◆ What the task requires
I'd like the line containing "[/\ forall s" and each line that follows, through the last line of the material, set down exactly as they are, and no others.

◆ Given data
(* Let $A$ be a $B$-algebra with a $B$-linear double bracket, $B=\bigoplus_{s\in I}\Bbbk e_s$, and let $e_1,e_2$ be two distinct idempotents of the family. Let $A_1=A^f_{e_2\to e_1}$ and $A_2=A^f_{e_1\to e_2}$ with their induced double brackets, and let $\pi_k:A\to A_k$ ($k=1,2$) be the maps $a\mapsto a^f$. Then there exists an isomorphism of algebras $\phi:A_1\to A_2$ with $\phi\circ\pi_1=\pi_2$ which is an isomorphism of double brackets, i.e. $\{\!\{\phi(a),\phi(b)\}\!\}_{A_2}=(\phi\otimes\phi)\{\!\{a,b\}\!\}_{A_1}$ for all $a,b\in A_1$.
   Context: $\Bbbk$ field of characteristic $0$; algebras associative, unital, finitely generated; $B=\bigoplus_{s\in I}\Bbbk e_s$ with orthogonal idempotents summing to $1$. Sweedler notation $d=d'\otimes d''$, $(d'\otimes d'')^\circ=d''\otimes d'$, outer bimodule $a(d'\otimes d'')b=ad'\otimes d''b$. A $B$-linear double bracket: bilinear $\{\!\{-,-\}\!\}:A\times A\to A\otimes A$ with $\{\!\{a,b\}\!\}=-\{\!\{b,a\}\!\}^\circ$, $\{\!\{a,bc\}\!\}=\{\!\{a,b\}\!\}c+b\{\!\{a,c\}\!\}$, zero if an argument lies in $B$. Fusion of $e_j$ onto $e_i$ ($i\ne j$): $\hat e=1-e_i-e_j$, $\bar A=A*_{\Bbbk e_i\oplus\Bbbk e_j\oplus\Bbbk\hat e}(\mathrm{Mat}_2(\Bbbk)\oplus\Bbbk\hat e)$ where $\mathrm{Mat}_2(\Bbbk)$ has matrix units $e_{ii}=e_i,e_{ij},e_{ji},e_{jj}=e_j$; $A^f_{e_j\to e_i}=\epsilon\bar A\epsilon$ with $\epsilon=1-e_j$, an algebra over $\bigoplus_{s\ne j}\Bbbk e_s$; $a^f=\epsilon a\epsilon+e_{ij}ae_{ji}+e_{ij}a\epsilon+\epsilon ae_{ji}$. $A^f$ is generated by elements $e_aaf_a$ with $a\in A$, $e_a\in\{\epsilon,e_{ij}\}$, $f_a\in\{\epsilon,e_{ji}\}$ of the forms $t$ ($t\in\epsilon A\epsilon$), $e_{ij}u$ ($u\in e_jA\epsilon$), $ve_{ji}$ ($v\in\epsilon Ae_j$), $e_{ij}we_{ji}$ ($w\in e_jAe_j$); the induced double bracket on $A^f$ is determined by $\{\!\{e_aaf_a,e_bbf_b\}\!\}=e_b\{\!\{a,b\}\!\}'f_a\otimes e_a\{\!\{a,b\}\!\}''f_b$. *)

From HB Require Import structures.
From mathcomp Require Import all_boot all_order all_algebra.
Set Implicit Arguments. Unset Strict Implicit. Unset Printing Implicit Defensive.
Import GRing.Theory.
Local Open Scope ring_scope.

Section Tensors.
Variables (k : fieldType) (T : algType k).

(* An element of T (x)_k T is represented by a finite list of pure tensors
   sum_p p.1 (x) p.2.  Two such lists represent the same element of T (x) T
   iff every bilinear form T x T -> k takes the same value on them
   (linear functionals on T (x) T = bilinear forms, and over a field the
   algebraic dual separates points). *)
Definition tensor := seq (T * T).

Definition bilinear_form (f : T -> T -> k) : Prop :=
  (forall c x y z, f (c *: x + y) z = c * f x z + f y z) /\
  (forall c x y z, f z (c *: x + y) = c * f z x + f z y).

Definition tsum (f : T -> T -> k) (u : tensor) : k := \sum_(p <- u) f p.1 p.2.

Definition teq (u v : tensor) : Prop :=
  forall f, bilinear_form f -> tsum f u = tsum f v.

Definition tscale (c : k) (u : tensor) : tensor := [seq (c *: p.1, p.2) | p <- u].
Definition topp (u : tensor) : tensor := [seq (- p.1, p.2) | p <- u].
Definition tswap (u : tensor) : tensor := [seq (p.2, p.1) | p <- u].
(* outer bimodule structure: a (d' (x) d'') b = a d' (x) d'' b *)
Definition tmull (a : T) (u : tensor) : tensor := [seq (a * p.1, p.2) | p <- u].
Definition tmulr (u : tensor) (b : T) : tensor := [seq (p.1, p.2 * b) | p <- u].

(* br is a double bracket on the subspace/subalgebra Dom of T (closed under the
   operations), which vanishes when an argument lies in the base inB. *)
Definition is_double_bracket (Dom inB : T -> Prop) (br : T -> T -> tensor) : Prop :=
  [/\ (forall c a a' b, Dom a -> Dom a' -> Dom b ->
         teq (br (c *: a + a') b) (tscale c (br a b) ++ br a' b)),
      (forall c a b b', Dom a -> Dom b -> Dom b' ->
         teq (br a (c *: b + b')) (tscale c (br a b) ++ br a b')),
      (forall a b, Dom a -> Dom b -> teq (br a b) (topp (tswap (br b a)))),
      (forall a b c, Dom a -> Dom b -> Dom c ->
         teq (br a (b * c)) (tmulr (br a b) c ++ tmull b (br a c))) &
      (forall a b, Dom a -> Dom b -> inB a \/ inB b -> teq (br a b) [::])].

End Tensors.

Section Alg.
Variable k : fieldType.

Definition is_alg_hom (A D : algType k) (f : A -> D) : Prop :=
  [/\ forall c x y, f (c *: x + y) = c *: f x + f y,
      forall x y, f (x * y) = f x * f y & f 1 = 1].

Definition fin_gen (A : algType k) : Prop :=
  exists s : seq A, forall a : A, exists ws : seq (k * seq nat),
    a = \sum_(w <- ws) w.1 *: \prod_(n <- w.2) s`_n.

(* e : I -> A is a family of nonzero orthogonal idempotents summing to 1,
   so B = (+)_s k e_s is a subalgebra of A. *)
Definition base_family (A : algType k) (I : finType) (e : I -> A) : Prop :=
  [/\ forall s t, e s * e t = (if s == t then e s else 0),
      \sum_s e s = 1 & forall s, e s != 0].

Definition inBase (A : algType k) (I : finType) (e : I -> A) (P : pred I) (x : A) : Prop :=
  exists c : I -> k, x = \sum_(s | P s) c s *: e s.

(* Relations satisfied by the images of the matrix units e_ij, e_ji under an
   algebra map from Mat_2(k) (+) k e^ agreeing with g on k e_i (+) k e_j (+) k e^
   (the remaining matrix-unit relations follow from these). *)
Definition mat_rel (A D : algType k) (I : finType) (e : I -> A) (i j : I)
  (g : A -> D) (y z : D) : Prop :=
  [/\ y * z = g (e i), z * y = g (e j),
      g (e i) * y = y /\ y * g (e j) = y &
      g (e j) * z = z /\ z * g (e i) = z].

◆ Task output
  [/\ forall s t, e s * e t = (if s == t then e s else 0),
      \sum_s e s = 1 & forall s, e s != 0].

Definition inBase (A : algType k) (I : finType) (e : I -> A) (P : pred I) (x : A) : Prop :=
  exists c : I -> k, x = \sum_(s | P s) c s *: e s.

(* Relations satisfied by the images of the matrix units e_ij, e_ji under an
   algebra map from Mat_2(k) (+) k e^ agreeing with g on k e_i (+) k e_j (+) k e^
   (the remaining matrix-unit relations follow from these). *)
Definition mat_rel (A D : algType k) (I : finType) (e : I -> A) (i j : I)
  (g : A -> D) (y z : D) : Prop :=
  [/\ y * z = g (e i), z * y = g (e j),
      g (e i) * y = y /\ y * g (e j) = y &
      g (e j) * z = z /\ z * g (e i) = z].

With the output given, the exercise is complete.